- 446 Okunma
- 0 Yorum
- 0 Beğeni
Sonbahar
Yapraklarımız döküldü, tükendik; tekrar yaşamayacağız.
Bakıyor, öyle anlamlı, öyle derin; sanki öldürmüşüm içinde yaşayan ölüleri. Öyle bakıyor. Parlıyoruz insanların içinde. Birbirimize düşman mıyız? Birbirimize düşman mıyız? Değiliz belki, eksiğiz düşmanlık için. Dudaklarının kenarında bir çizgi beliriyor. Alaycı, belki acı çekiyor da öyle gülümsüyor.
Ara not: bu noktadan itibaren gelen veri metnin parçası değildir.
(* There exists a unique root-lattice-graded $\mathbb{Q}(q)$-algebra surjection $\pi_B:U_q^+\to\mathcal{P}_B$ with $\pi_B(E_i)=e_i$ for all $i=1,\dots,n$.
   Context: $\mathfrak{g}$ is a symmetrizable Kac–Moody algebra of rank $n$ with Cartan matrix $A=(a_{ij})$; $d_1,\dots,d_n$ are coprime positive integers with $c_{ij}:=d_ia_{ij}=d_ja_{ji}$, and the invariant form is normalized by $(\alpha_i,\alpha_j)=c_{ij}$. For each pair $i<j$ with $a_{ij}\ne0$ choose $\sigma_{ij}\in\{\pm1\}$, and set $b_{ij}=\sigma_{ij}c_{ij}$ ($i<j$), $b_{ii}=0$, $b_{ij}=-\sigma_{ji}c_{ij}$ ($i>j$) (with $b_{ij}=0$ when $a_{ij}=0$). $U_q^+$ is the subalgebra of the quantum enveloping algebra $U_q(\mathfrak{g})$ generated by $E_1,\dots,E_n$ (equivalently, the $\mathbb{Q}(q)$-algebra on $E_i$ subject to the quantum Serre relations $\sum_{k=0}^{1-a_{ij}}(-1)^k\binom{1-a_{ij}}{k}_{q_i}E_i^{1-a_{ij}-k}E_jE_i^k=0$, $i\ne j$), graded by weight with $E_i$ of weight $\alpha_i$. $\mathcal{P}_B$ is the $\mathbb{Q}(q)$-algebra generated by $e_1,\dots,e_n$ with relations $e_ie_j=q^{b_{ij}}e_je_i$, graded by giving $e_i$ weight $\alpha_i$. *)

From HB Require Import structures.
From mathcomp Require Import all_boot all_order all_algebra fraction.
Set Implicit Arguments. Unset Strict Implicit. Unset Printing Implicit Defensive.
Import Order.TTheory GRing.Theory Num.Theory.
Local Open Scope ring_scope.

Definition Qq : fieldType := {fraction {poly rat}}.
Definition qq : Qq := @FracField.tofrac _ ('X : {poly rat}).

Definition qint (F : fieldType) (t : F) (m : nat) : F :=
  (t ^+ m - t ^- m) / (t - t^-1).
Definition qfact (F : fieldType) (t : F) (m : nat) : F :=
  \prod_(1 <= k < m.+1) qint t k.
Definition qbinom (F : fieldType) (t : F) (m k : nat) : F :=
  qfact t m / (qfact t k * qfact t (m - k)).

Definition symmetrizable_GCM (n : nat) (A : 'M[int]_n) (d : 'I_n -> nat) : Prop :=
  [/\ (forall i, A i i = 2),
      (forall i j, i != j -> A i j <= 0),
      (forall i j, (A i j == 0) = (A j i == 0)),
      (forall i, (0 < d i)%N) /\ (\big[gcdn/0%N]_(i < n) d i = 1%N) &
      (forall i j, (d i)%:Z * A i j = (d j)%:Z * A j i)].

Definition cmat (n : nat) (A : 'M[int]_n) (d : 'I_n -> nat) (i j : 'I_n) : int :=
  (d i)%:Z * A i j.

Definition sign_choice (n : nat) (A : 'M[int]_n) (sigma : 'I_n -> 'I_n -> int) : Prop :=
  forall i j : 'I_n, (i < j)%N -> A i j != 0 -> sigma i j = 1 \/ sigma i j = -1.

Definition bmat (n : nat) (A : 'M[int]_n) (d : 'I_n -> nat)
    (sigma : 'I_n -> 'I_n -> int) (i j : 'I_n) : int :=
  if (i < j)%N then sigma i j * cmat A d i j
  else if i == j then 0
  else - (sigma j i * cmat A d i j).

(* Monomials, weights (root lattice = Z^n in the basis of simple roots). *)
Definition monom (K : fieldType) (R : algType K) (n : nat) (x : 'I_n -> R)
    (w : seq 'I_n) : R := \prod_(i <- w) x i.
Definition wt (n : nat) (w : seq 'I_n) : 'I_n -> int := fun j => (count_mem j w)%:Z.

Definition in_span (K : fieldType) (R : algType K) (n : nat) (x : 'I_n -> R) (v : R) : Prop :=
  exists s : seq (seq 'I_n * K), v = \sum_(p <- s) p.2 *: monom x p.1.
Definition in_weight (K : fieldType) (R : algType K) (n : nat) (x : 'I_n -> R)
    (beta : 'I_n -> int) (v : R) : Prop :=
  exists s : seq (seq 'I_n * K),
    (forall p, p \in s -> wt p.1 =1 beta) /\ v = \sum_(p <- s) p.2 *: monom x p.1.

(* (A, x) is the K-algebra presented by generators x_1..x_n and relations Rel:
   x satisfies Rel, x generates A, and every family y in an algebra B
   satisfying Rel extends uniquely along x to a K-algebra morphism A -> B. *)
Definition presents (K : fieldType) (n : nat) (A : algType K) (x : 'I_n -> A)
    (Rel : forall B : algType K, ('I_n -> B) -> Prop) : Prop :=
  [/\ Rel A x,
      (forall v, in_span x v),
      (forall (B : algType K) (y : 'I_n -> B), Rel B y ->
          exists f : {lrmorphism A -> B}, forall i, f (x i) = y i) &
      (forall (B : algType K) (f g : {lrmorphism A -> B}),
          (forall i, f (x i) = g (x i)) -> f =1 g)].

Definition serre_rels (n : nat) (A : 'M[int]_n) (d : 'I_n -> nat)
    (B : algType Qq) (E : 'I_n -> B) : Prop :=
  forall i j : 'I_n, i != j ->
    let m := `|1 - A i j|%N in
    \sum_(k < m.+1) ((-1) ^+ k * qbinom (qq ^+ d i) m k) *:
        (E i ^+ (m - k) * E j * E i ^+ k) = 0.

Definition qcomm_rels (n : nat) (b : 'I_n -> 'I_n -> int)
    (B : algType Qq) (e : 'I_n -> B) : Prop :=
  forall i j : 'I_n, e i * e j = (qq ^ b i j) *: (e j * e i).

(* In P_B the generators q-commute, e_j e_i = q^(b_ji) e_i e_j, so every Serre
   monomial e_i^(m+1-k) e_j e_i^k equals q^(k b_ji) e_i^(m+1) e_j, and the Serre
   relation for (i, j) collapses to the scalar identity
   sum_k (-1)^k [m+1 choose k]_t s^k = 0, with t = q^(d_i), m = -a_ij and
   s = q^(b_ji) = t^(-m) or t^m according to the sign sigma.  By the q-Pascal
   rule this alternating sum S_(m+1)(z) equals (1 - t^m z) S_m(t^-1 z), so it
   vanishes at z = t^-m, and at z = t^m by the symmetry t <-> t^-1 of
   q-binomials; all q-integers involved are nonzero as q is transcendental.
   The universal property of U_q^+ then yields pi_B; it sends monomials in the
   E_i to monomials in the e_i, hence preserves weights and is onto, and it is
   unique because the E_i generate U_q^+. *)

From HB Require Import structures.
From mathcomp Require Import all_boot all_order all_algebra fraction.
From mathcomp Require Import ring.
Set Implicit Arguments.
Unset Strict Implicit.
Unset Printing Implicit Defensive.
Import Order.TTheory GRing.Theory Num.Theory.
Local Open Scope ring_scope.

Section QBinomial.
Variable F : fieldType.

Lemma qintV (t : F) k : qint t^-1 k = qint t k.
Proof. by rewrite /qint !exprVn !invrK -[t^-1 - t]opprB invrN mulrN -mulNr opprB. Qed.

Lemma qfactV (t : F) m : qfact t^-1 m = qfact t m.
Proof. by apply: eq_bigr => k _; rewrite qintV. Qed.

Lemma qbinomV (t : F) m k : qbinom t^-1 m k = qbinom t m k.
Proof. by rewrite /qbinom !qfactV. Qed.

Lemma qfact0 (t : F) : qfact t 0 = 1.
Proof. by rewrite /qfact big_geq. Qed.

Lemma qfactS (t : F) m : qfact t m.+1 = qfact t m * qint t m.+1.
Proof. by rewrite /qfact big_nat_recr. Qed.

Variable t : F.
Hypothesis qint_neq0 : forall {k}, (0 < k)%N -> qint t k != 0.

Lemma q_neq0 : t != 0.
Proof.
apply: contraNneq _ (qint_neq0 (ltn0Sn 0)) => ->.
by rewrite /qint invr0 subr0 invr0 mulr0.
Qed.

Lemma qsqr_sub1_neq0 : t * t - 1 != 0.
Proof.
apply: contraNneq _ (qint_neq0 (ltn0Sn 0)) => /eqP; rewrite subr_eq0 /qint => /eqP tt1.
have -> : t^-1 = t by rewrite -[t^-1]mulr1 -tt1 mulKf // q_neq0.
by rewrite expr1 subrr mul0r.
Qed.

Lemma qintD a b :
  qint t (a + b) = t ^- a * qint t b + t ^+ b * qint t a.
Proof.
have t0 := q_neq0; have ta : t ^+ a != 0 by rewrite expf_neq0.
have tb : t ^+ b != 0 by rewrite expf_neq0.
by rewrite /qint exprD invfM; field; rewrite t0 qsqr_sub1_neq0 ta tb.
Qed.

Lemma qfact_neq0 m : qfact t m != 0.
Proof.
by elim: m => [|m IHm]; rewrite ?qfact0 ?oner_neq0 // qfactS mulf_neq0 ?qint_neq0.
Qed.

Lemma qbinom0 m : qbinom t m 0 = 1.
Proof. by rewrite /qbinom subn0 qfact0 mul1r divff // qfact_neq0. Qed.

Lemma qbinomm m : qbinom t m m = 1.
Proof. by rewrite /qbinom subnn qfact0 mulr1 divff // qfact_neq0. Qed.

Lemma qbinomS m k : (k < m)%N ->
  qbinom t m.+1 k.+1 = t ^- k.+1 * qbinom t m k.+1 + t ^+ (m - k) * qbinom t m k.
Proof.
move=> /subnKC <-; move: (m - k.+1)%N => b; rewrite /qbinom.
have -> : ((k.+1 + b).+1 - k.+1 = b.+1)%N by rewrite -addnS addKn.
have -> : (k.+1 + b - k = b.+1)%N by rewrite addSnnS addKn.
rewrite addKn qfactS (qfactS _ k) (qfactS _ b) -addnS qintD.
by field; rewrite !qint_neq0 // !qfact_neq0 expf_neq0 // q_neq0.
Qed.

(* [qbinom t m k] is junk for [k > m]; [qchoose] vanishes there, so that
   Pascal's rule [qchooseS] holds for every [k]. *)
Definition qchoose m k := if (k <= m)%N then qbinom t m k else 0.

Lemma qchoose0 m : qchoose m 0 = 1.
Proof. by rewrite /qchoose qbinom0. Qed.

Lemma qchoose_gt m k : (m < k)%N -> qchoose m k = 0.
Proof. by rewrite /qchoose ltnNge => /negbTE->. Qed.

Lemma qchooseS m k :
  qchoose m.+1 k.+1 = t ^- k.+1 * qchoose m k.+1 + t ^+ (m - k) * qchoose m k.
Proof.
rewrite /qchoose ltnS; case: ltngtP => [km|mk|<-].
- by rewrite qbinomS.
- by rewrite !mulr0 addr0.
- by rewrite mulr0 add0r subnn expr0 mul1r !qbinomm.
Qed.

Definition qbinom_alt_sum m (z : F) := \sum_(k < m.+1) (-1) ^+ k * qchoose m k * z ^+ k.

Lemma qbinom_alt_sum_widen m (z : F) :
  \sum_(k < m.+2) (-1) ^+ k * qchoose m k * z ^+ k = qbinom_alt_sum m z.
Proof. by rewrite big_ord_recr /= qchoose_gt // mulr0 mul0r addr0. Qed.

Lemma qbinom_alt_sumS m (z : F) :
  qbinom_alt_sum m.+1 z = (1 - t ^+ m * z) * qbinom_alt_sum m (t^-1 * z).
Proof.
have lower : 1 + \sum_(k < m.+1) (-1) ^+ k.+1 * (t ^- k.+1 * qchoose m k.+1) * z ^+ k.+1
    = qbinom_alt_sum m (t^-1 * z).
  rewrite -qbinom_alt_sum_widen [RHS]big_ord_recl qchoose0 !expr0 !mulr1.
  by congr (_ + _); apply: eq_bigr => k _; rewrite lift0 exprMn exprVn; ring.
have upper : \sum_(k < m.+1) (-1) ^+ k.+1 * (t ^+ (m - k) * qchoose m k) * z ^+ k.+1
    = - (t ^+ m * z * qbinom_alt_sum m (t^-1 * z)).
  rewrite /qbinom_alt_sum mulr_sumr -sumrN; apply: eq_bigr => k _.
  rewrite exprB ?leq_ord ?unitfE ?q_neq0 // exprMn exprVn !exprS; ring.
rewrite [LHS]/qbinom_alt_sum big_ord_recl qchoose0 !expr0 !mulr1.
under eq_bigr => k _ do rewrite qchooseS mulrDr mulrDl.
by rewrite big_split addrA lower upper mulrBl mul1r.
Qed.

Lemma qbinom_alt_sum_root m : qbinom_alt_sum m.+1 (t ^- m) = 0.
Proof. by rewrite qbinom_alt_sumS divff ?subrr ?mul0r // expf_neq0 // q_neq0. Qed.

End QBinomial.

Lemma serre_coef_sum (F : fieldType) (t s : F) m :
  (forall k, (0 < k)%N -> qint t k != 0) -> s = t ^- m \/ s = t ^+ m ->
  \sum_(k < m.+2) ((-1) ^+ k * qbinom t m.+1 k) * s ^+ k = 0.
Proof.
move=> qint_neq0 s_pm.
have alt_sum (u z : F) : \sum_(k < m.+2) ((-1) ^+ k * qbinom u m.+1 k) * z ^+ k
    = qbinom_alt_sum u m.+1 z.
  by apply: eq_bigr => k _; rewrite /qchoose -ltnS ltn_ord.
have qintV_neq0 k : (0 < k)%N -> qint t^-1 k != 0 by rewrite qintV; apply: qint_neq0.
case: s_pm => ->; first by rewrite alt_sum qbinom_alt_sum_root.
rewrite -[t in t ^+ m]invrK exprVn -[RHS](qbinom_alt_sum_root qintV_neq0 m) -alt_sum.
by apply: eq_bigr => k _; rewrite qbinomV.
Qed.

Lemma subr_inv_neq0 (F : fieldType) (x : F) : x != 0 -> x ^+ 2 != 1 -> x - x^-1 != 0.
Proof.
move=> x0; apply: contraNneq => /eqP; rewrite subr_eq0 => /eqP x_inv.
by rewrite expr2 {2}x_inv mulfV.
Qed.

Lemma qint_neq0_of_nonroot (F : fieldType) (t : F) k : t != 0 ->
  (forall N, (0 < N)%N -> t ^+ N != 1) -> (0 < k)%N -> qint t k != 0.
Proof.
move=> t0 t_nonroot k0; rewrite /qint mulf_neq0 ?invr_eq0 //.
- by rewrite subr_inv_neq0 ?expf_neq0 // -exprM t_nonroot // muln_gt0 k0.
- by rewrite -[t in t - _]expr1 subr_inv_neq0 ?t_nonroot.
Qed.

Lemma qq_neq0 : qq != 0.
Proof. by rewrite /qq -tofrac0 tofrac_eq polyX_eq0. Qed.

Lemma qqXn_neq1 N : (0 < N)%N -> qq ^+ N != 1.
Proof.
move=> N_gt0; rewrite /qq -tofracXn -tofrac1 tofrac_eq.
apply: contraTneq N_gt0 => /(congr1 (fun p : {poly rat} => size p)).
by rewrite size_polyXn size_poly1 => -[->].
Qed.

Lemma qint_qqXn_neq0 e k : (0 < e)%N -> (0 < k)%N -> qint (qq ^+ e) k != 0.
Proof.
move=> e_gt0; apply: qint_neq0_of_nonroot; first by rewrite expf_neq0 ?qq_neq0.
by move=> N N_gt0; rewrite -exprM qqXn_neq1 // muln_gt0 e_gt0.
Qed.

Section QCommutation.
Variables (R : pzRingType) (V : algType R).

Lemma mulr_expr_qcomm (x y : V) (s : R) : y * x = s *: (x * y) ->
  forall k, y * x ^+ k = s ^+ k *: (x ^+ k * y).
Proof.
move=> yx; elim=> [|k IHk]; first by rewrite !expr0 mulr1 mul1r scale1r.
rewrite exprSr mulrA IHk -scalerAl -[x ^+ k * y * x]mulrA yx -scalerAr scalerA.
by rewrite mulrA [s ^+ k.+1]exprSr.
Qed.

Lemma qcomm_scaled_sum (x y : V) (s : R) N (c : nat -> R) : y * x = s *: (x * y) ->
  \sum_(k < N.+1) c k *: (x ^+ (N - k) * y * x ^+ k)
    = (\sum_(k < N.+1) c k * s ^+ k) *: (x ^+ N * y).
Proof.
move=> yx; rewrite scaler_suml; apply: eq_bigr => k _.
by rewrite -mulrA (mulr_expr_qcomm yx) -scalerAr mulrA -exprD subnK ?leq_ord // scalerA.
Qed.

End QCommutation.

Lemma bmat_pm_cmat n (A : 'M[int]_n) d sigma (i j : 'I_n) :
  symmetrizable_GCM A d -> sign_choice A sigma -> i != j ->
  bmat A d sigma j i = cmat A d i j \/ bmat A d sigma j i = - cmat A d i j.
Proof.
case=> _ _ A_eq0 _ A_sym sign ij.
have cmat_sym : cmat A d j i = cmat A d i j by rewrite /cmat A_sym.
have [Aij0|Aij_neq0] := eqVneq (A i j) 0.
  by left; rewrite /bmat cmat_sym /cmat Aij0 !mulr0 oppr0 eq_sym (negbTE ij) if_same.
have Aji_neq0 : A j i != 0 by rewrite -A_eq0.
rewrite /bmat cmat_sym eq_sym (negbTE ij); case: ifP => [ji|ji_false].
  by case: (sign j i ji Aji_neq0) => ->; rewrite ?mulN1r ?mul1r; [left|right].
have lt_ij : (i < j)%N by rewrite ltn_neqAle leqNgt ji_false andbT.
by case: (sign i j lt_ij Aij_neq0) => ->; rewrite ?mulN1r ?opprK ?mul1r; [right|left].
Qed.

Lemma qcomm_serre_rels n (A : 'M[int]_n) d sigma (P : algType Qq) (e : 'I_n -> P) :
  symmetrizable_GCM A d -> sign_choice A sigma ->
  qcomm_rels (bmat A d sigma) e -> serre_rels A d e.
Proof.
move=> GCM sign qcomm i j ij /=; have [_ A_le0 _ [d_gt0 _] _] := GCM.
set m := `|A i j|%N.
have Aij : A i j = - m%:Z by rewrite /m lez0_abs ?opprK // A_le0.
have -> : `|1 - A i j|%N = m.+1 by rewrite Aij opprK -(add1n m).
rewrite (qcomm_scaled_sum _ (fun k => (-1) ^+ k * qbinom (qq ^+ d i) m.+1 k) (qcomm j i)).
rewrite serre_coef_sum ?scale0r //; first by move=> k; apply: qint_qqXn_neq0 (d_gt0 i).
have cmat_ij : cmat A d i j = - (d i * m)%N%:Z by rewrite /cmat Aij mulrN -PoszM.
rewrite -exprM; case: (bmat_pm_cmat GCM sign ij) => ->; rewrite cmat_ij ?opprK.
- by left; rewrite -invr_expz.
- by right.
Qed.

Section PresentedAlgebras.
Variables (K : fieldType) (U V : algType K) (n : nat) (x : 'I_n -> U) (y : 'I_n -> V).
Variable f : {lrmorphism U -> V}.
Hypothesis f_gen : forall i, f (x i) = y i.

Lemma lrmorph_monom_sum (s : seq (seq 'I_n * K)) :
  f (\sum_(p <- s) p.2 *: monom x p.1) = \sum_(p <- s) p.2 *: monom y p.1.
Proof.
rewrite raddf_sum; apply: eq_bigr => p _; apply: etrans (linearZZ f p.2 _) _.
by rewrite /monom rmorph_prod; congr (_ *: _); apply: eq_bigr => i _; apply: f_gen.
Qed.

Lemma lrmorph_in_weight beta v : in_weight x beta v -> in_weight y beta (f v).
Proof. by move=> [s [s_wt ->]]; exists s; rewrite lrmorph_monom_sum. Qed.

Lemma lrmorph_surj : (forall w, in_span y w) -> forall w, exists v, f v = w.
Proof.
move=> y_span w; have [s ->] := y_span w.
by exists (\sum_(p <- s) p.2 *: monom x p.1); apply: lrmorph_monom_sum.
Qed.

End PresentedAlgebras.

Theorem proposition4p2 (n : nat) (A : 'M[int]_n) (d : 'I_n -> nat)
    (sigma : 'I_n -> 'I_n -> int)
    (U : algType Qq) (E : 'I_n -> U) (P : algType Qq) (e : 'I_n -> P) :
  symmetrizable_GCM A d -> sign_choice A sigma ->
  presents E (serre_rels A d) ->
  presents e (qcomm_rels (bmat A d sigma)) ->
  exists pi : {lrmorphism U -> P},
    [/\ (forall i, pi (E i) = e i),
        (forall beta v, in_weight E beta v -> in_weight e beta (pi v)),
        (forall w : P, exists v : U, pi v = w) &
        (forall pi' : {lrmorphism U -> P},
           (forall i, pi' (E i) = e i) ->
           (forall beta v, in_weight E beta v -> in_weight e beta (pi' v)) ->
           (forall w : P, exists v : U, pi' v = w) ->
           pi' =1 pi)].
Proof.
move=> GCM sign [_ _ U_univ U_ext] [e_qcomm e_span _ _].
have [pi pi_gen] := U_univ P e (qcomm_serre_rels GCM sign e_qcomm).
exists pi; split=> //.
- by move=> beta v; apply: lrmorph_in_weight.
- exact: lrmorph_surj.
- by move=> pi' pi'_gen _ _; apply: U_ext => i; rewrite pi_gen pi'_gen.
Qed.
Anlayamıyorum. Kaç gökyüzü yaşatıyor içinde, kaç kargaşayı aynı anda sığdırıyoruz kuşlarımızın kanatlarına?
İki merdiven vardı diye düşünüyorum. İki hayat… Birini attık merdivenlerin, kırdık basamaklarını birinin. Sağlamlaştırdık bir diğerini, bir öncekinden kırıp parçaladıklarımızı diğerine eklemledik. Aynı anda yükselecektik sözde, gözyaşlarımız aynı toprağa düşecekti. Kahkahalarımız aynı mavilikte asılı kalacaktı. Yapmak istiyorduk bunu, yapamadık.
Ne kadar sevmiyoruz desek de ayrılıkları, o kadar terk ediyoruz birbirimizi. Gitmelere sevdalı olsak gerek. Bunu açıklamanın başka bir yolu yok. Anlatabilmek zor, zira sözcükler aşkı anlatırken olduğu kadar sağlam değil ayrılırken. Kırılıverdiler.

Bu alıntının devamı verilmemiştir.